I had him babbling in unsequential edits, one year shading into another, or Jerry soundless, clowning, he is knock-kneed and bucktoothed, bouncing on a trampoline in slow motion, the old flawed footage, the disturbed signals, random noise on the soundtrack, streaky patterns on the screen. He inserts drumsticks in his nostrils, he sticks the handmike in his mouth. I added intervals of modern music to the track, rows of tones, the sound of a certain re-echoing drone. There was an element of austere drama in the music, it placed Jerry outside the moment, in some larger surround, ahistorical, a man on a mission from God.

I tormented myself over the running time, settling finally on a freakish fifty-seven-minute movie that was screened at a couple of documentary festivals. It could have been a hundred and fifty-seven minutes, could have been four hours, six hours. It wore me out, beat me down, I became Jerry's frenzied double, eyeballs popping out of my head. Sometimes a thing that's hard is hard because you're doing it wrong. This was not wrong. But I didn't want Elster to know about it. Because how would it make him feel, being a successor, a straight man to a rampaging comic.

My wife said to me once, "Film, film, film. If you were any more intense, you'd be a black hole. A singularity," she said. "No light escapes."

I said, "I have the wall, I know the wall, it's in a loft in Brooklyn, big messy industrial loft. I have access pretty much any time day or night. Wall is mostly pale gray, some cracks, some stains, but these are not distractions, they're not self-conscious design elements. The wall is right, I think about it, dream about it, I open my eyes and see it, I close my eyes it's there."

"You feel a deep need to do this thing. Tell me why," he said.

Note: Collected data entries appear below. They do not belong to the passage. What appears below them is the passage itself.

Lemma slate_excess_ge0 K (Rp Rq : X -> A -> R) x (t : K.-tuple A) :
  0 <= slate_excess Rp Rq x t.
Proof.
case: K t => [|K] t; last exact: cross_logloss_excess_ge0 ord0.
by rewrite /slate_excess /cross_logloss !big_ord0 subrr.
Qed.

Section excess.
Variables (Rp Rq : X -> A -> R).
Hypotheses (mRp : measurable_reward Rp) (mRq : measurable_reward Rq).

Lemma tuple_measurable_slate_excess K : tuple_measurable (@slate_excess K Rp Rq).
Proof. by apply: tuple_measurableB; exact: tuple_measurable_cross_logloss. Qed.

Lemma pop_lossE K :
  pop_loss K d0 (kfun pi0) Rp Rq = (pop_loss K d0 (kfun pi0) Rp Rp +
    \int[d0]_x prod_integral (pi0 x)
                 (fun t : K.-tuple A => (slate_excess Rp Rq x t)%:E))%E.
Proof.
have mself := tuple_measurable_cross_logloss K mRp mRp.
have self_ge0 x (t : K.-tuple A) := cross_logloss_self_ge0 (slate_values Rp x t).
have mexcess := tuple_measurable_slate_excess K.
rewrite /pop_loss -ge0_integralD //.
- apply: eq_integral => x _.
  rewrite -(prod_integralD pi0 self_ge0 (@slate_excess_ge0 K Rp Rq) mself mexcess).
  by congr prod_integral; apply/funext => t; rewrite /slate_excess addrC subrK.
- by move=> x _; apply: prod_integral_EFin_ge0 => t; exact: cross_logloss_self_ge0.
- exact: (measurable_prod_integral pi0 self_ge0 mself).
- by move=> x _; apply: prod_integral_EFin_ge0 => t; exact: slate_excess_ge0.
- exact (measurable_prod_integral pi0 (@slate_excess_ge0 K Rp Rq) mexcess).
Qed.

Lemma pop_loss_self_fin_num K : pop_loss K d0 (kfun pi0) Rp Rp \is a fin_num.
Proof.
have mself := tuple_measurable_cross_logloss K mRp mRp.
have self_ge0 x (t : K.-tuple A) := cross_logloss_self_ge0 (slate_values Rp x t).
have self_le x (t : K.-tuple A) := cross_logloss_self_le (slate_values Rp x t).
have PI_ge0 x : (0 <= prod_integral (pi0 x) (fun t : K.-tuple A =>
    (cross_logloss (slate_values Rp x t) (slate_values Rp x t))%:E))%E.
  exact: prod_integral_EFin_ge0 (self_ge0 x).
rewrite ge0_fin_numE; last by apply: integral_ge0 => x _; exact: PI_ge0.
apply: le_lt_trans (ltry K%:R).
apply: (@le_trans _ _ (\int[d0]_x cst K%:R%:E x)%E).
  apply: ge0_le_integral => //.
  - by move=> x _; exact: PI_ge0.
  - exact (measurable_prod_integral pi0 self_ge0 mself).
  - by move=> x _; exact (prod_integral_le pi0 self_ge0 self_le mself x).
rewrite integral_cst // -[leRHS]mule1.
by apply: lee_wpmul2l; [rewrite lee_fin|exact: probability_le1].
Qed.

Lemma pop_loss_eq_ae_excess0 K :
  pop_loss K d0 (kfun pi0) Rp Rq = pop_loss K d0 (kfun pi0) Rp Rp ->
  {ae d0, forall x, prod_integral (pi0 x)
                      (fun t : K.-tuple A => (slate_excess Rp Rq x t)%:E) = 0%E}.
Proof.
rewrite pop_lossE.
set L := pop_loss K _ _ Rp Rp; set E := (\int[d0]_x _)%E => loss_eq.
have L_fin : L \is a fin_num by exact: pop_loss_self_fin_num.
apply: ge0_integral_eq0_ae.
- by move=> x; apply: prod_integral_EFin_ge0 => t; exact: slate_excess_ge0.
- exact (measurable_prod_integral pi0 (@slate_excess_ge0 K Rp Rq)
    (tuple_measurable_slate_excess K)).
- by rewrite -/E -(addeK E L_fin) (addeC E L) loss_eq subee.
Qed.

(* Fix a first action [a1] whose remaining integral vanishes; then almost every
   second action [a2] completes a zero-excess slate with [a1], which forces
   [Rq - Rp] to agree at [a1] and [a2]. *)
Lemma slate_excess_eq0_shift n x :
  prod_integral (pi0 x)
    (fun t : n.+2.-tuple A => (slate_excess Rp Rq x t)%:E) = 0%E ->
  exists c, {ae pi0 x, forall a, Rq x a - Rp x a = c}.
Proof.
move=> /(prod_integral_eq0_pair (@slate_excess_ge0 _ Rp Rq)
          (tuple_measurable_slate_excess _)) [a1 ae_a2].
exists (Rq x a1 - Rp x a1); apply: filterS ae_a2 => a2 [t /eqP].
rewrite subr_eq0 => /eqP /(cross_logloss_excess_eq0 ord0).
by move=> /(_ (lift ord0 ord0) ord0); rewrite /slate_values !(tnth_nth a1).
Qed.

End excess.
End population_loss.

Section regret.
Context (R : realType) (dX : measure_display) (X : measurableType dX).
Context (dA' : measure_display) (A : measurableType dA').
Variables (S : X -> set A) (tie : X -> set A -> A).

Lemma eq_argmax_set (f g : X -> A -> R) x :
  (forall a, S x a -> f x a = g x a) -> argmax_set S f x = argmax_set S g x.
Proof.
move=> fg; apply/seteqP; split => a [Sa a_max]; split => // b Sb.
  by rewrite -!fg //; exact: a_max.
by rewrite !fg //; exact: a_max.
Qed.

Lemma regret_eq0 (d0 : {measure set X -> \bar R}) (Rp Rq : X -> A -> R) :
  measurable_fun setT (fun xa : X * A => Rp xa.1 xa.2) ->
  measurable_fun setT (a_sel S tie Rp) -> measurable_fun setT (a_sel S tie Rq) ->
  {ae d0, forall x a, S x a -> Rq x a = Rp x a} -> regret d0 S tie Rp Rq = 0%E.
Proof.
move=> mRp msel_p msel_q eq_on_S.
have mval (sel : X -> A) : measurable_fun setT sel ->
    measurable_fun setT (fun x => Rp x (sel x)).
  move=> msel.
  exact (measurableT_comp mRp (measurable_fun_pair (@measurable_id _ X setT) msel)).
rewrite /regret (ae_eq_integral (cst 0%E)) ?integral0 //.
  by apply/measurable_EFinP; apply: measurable_funB; exact: mval.
apply: filterS eq_on_S => x eq_x _.
by rewrite /a_sel (eq_argmax_set eq_x) subrr.
Qed.

End regret.

Theorem lemma2 (R : realType)
  (dX : measure_display) (X : measurableType dX)
  (dA' : measure_display) (A : measurableType dA')
  (dA : A -> A -> R)
  (d0 : probability X R)
  (pi0 : R.-pker X ~> A)
  (K : nat)
  (P : Type) (Rof : P -> X -> A -> R)
  (tie : X -> set A -> A) :
  is_metric dA -> separable_metric dA -> borel_for dA ->
  (2 <= K)%N ->
  (* each R_p is measurable and pi0-centered *)
  (forall p, measurable_fun setT (fun xa : X * A => Rof p xa.1 xa.2)) ->
  (forall p x, (pi0 x).-integrable setT (fun a => (Rof p x a)%:E)) ->
  (forall p x, (\int[pi0 x]_a (Rof p x a)%:E = 0)%E) ->
  (* a_R is a measurable selector of argmax_{S_x} R(x,.) *)
  (forall p, measurable_fun setT (a_sel (supp dA (kfun pi0)) tie (Rof p))) ->
  (forall p, {ae d0, forall x, argmax_set (supp dA (kfun pi0)) (Rof p) x
                                (a_sel (supp dA (kfun pi0)) tie (Rof p) x)}) ->
  (* assumptions of the lemma *)
  compact_class (supp dA (kfun pi0)) Rof ->
  (forall q, {ae d0, forall x,
     cont_on_supp dA (supp dA (kfun pi0) x) (Rof q x)}) ->
  forall p q : P,
    pop_loss K d0 (kfun pi0) (Rof p) (Rof q) = pop_loss K d0 (kfun pi0) (Rof p) (Rof p) ->
    {ae d0, forall x, forall a, supp dA (kfun pi0) x a -> Rof q x a = Rof p x a} /\
    regret d0 (supp dA (kfun pi0)) tie (Rof p) (Rof q) = 0%E.
Proof.
move=> dA_metric dA_separable dA_borel K_ge2 mR R_int R_centered msel _ _ R_cont p q.
have [n ->] : exists n, K = n.+2 by case: K K_ge2 => [|[|n]] // _; exists n.
move=> /(pop_loss_eq_ae_excess0 (mR p) (mR q)) excess0.
have eq_ae : {ae d0, forall x, {ae pi0 x, forall a, Rof q x a = Rof p x a}}.
  apply: filterS excess0 => x /(slate_excess_eq0_shift (mR p) (mR q)) [c shift].
  apply: ae_eq_of_shift_integral (prob_kernel x) (R_int q x) (R_int p x) _ shift.
  by rewrite !R_centered.
have eq_on_supp :
    {ae d0, forall x a, supp dA (kfun pi0) x a -> Rof q x a = Rof p x a}.
  apply: filterS2 (filterI (R_cont q) (R_cont p)) eq_ae => x [cont_q cont_p].
  exact (eq_on_support dA_metric dA_separable dA_borel cont_q cont_p).
by split=> //; exact: regret_eq0 (mR p) (msel p) (msel q) eq_on_supp.
Qed.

"You're the answer to that question. What you say, what you'll tell us about these last years, what you know that no one knows."

We were inside, it was late, he wore the old rumpled trousers, a cruddy sweatshirt, his big dumb feet in dressy leather sandals.

"I'll tell you this much. War creates a closed world and not only for those in combat but for the plotters, the strategists. Except their war is acronyms, projections, contingencies, methodologies."

He chanted the words, he intoned liturgically.

"They become paralyzed by the systems at their disposal. Their war is abstract. They think they're sending an army into a place on a map."

He was not one of the strategists, he said unnecessarily. I knew what he was, or what he was supposed to be, a defense intellectual, without the usual credentials, and when I used the term it made him tense his jaw with a proud longing for the early weeks and months, before he began to understand that he was occupying an empty seat.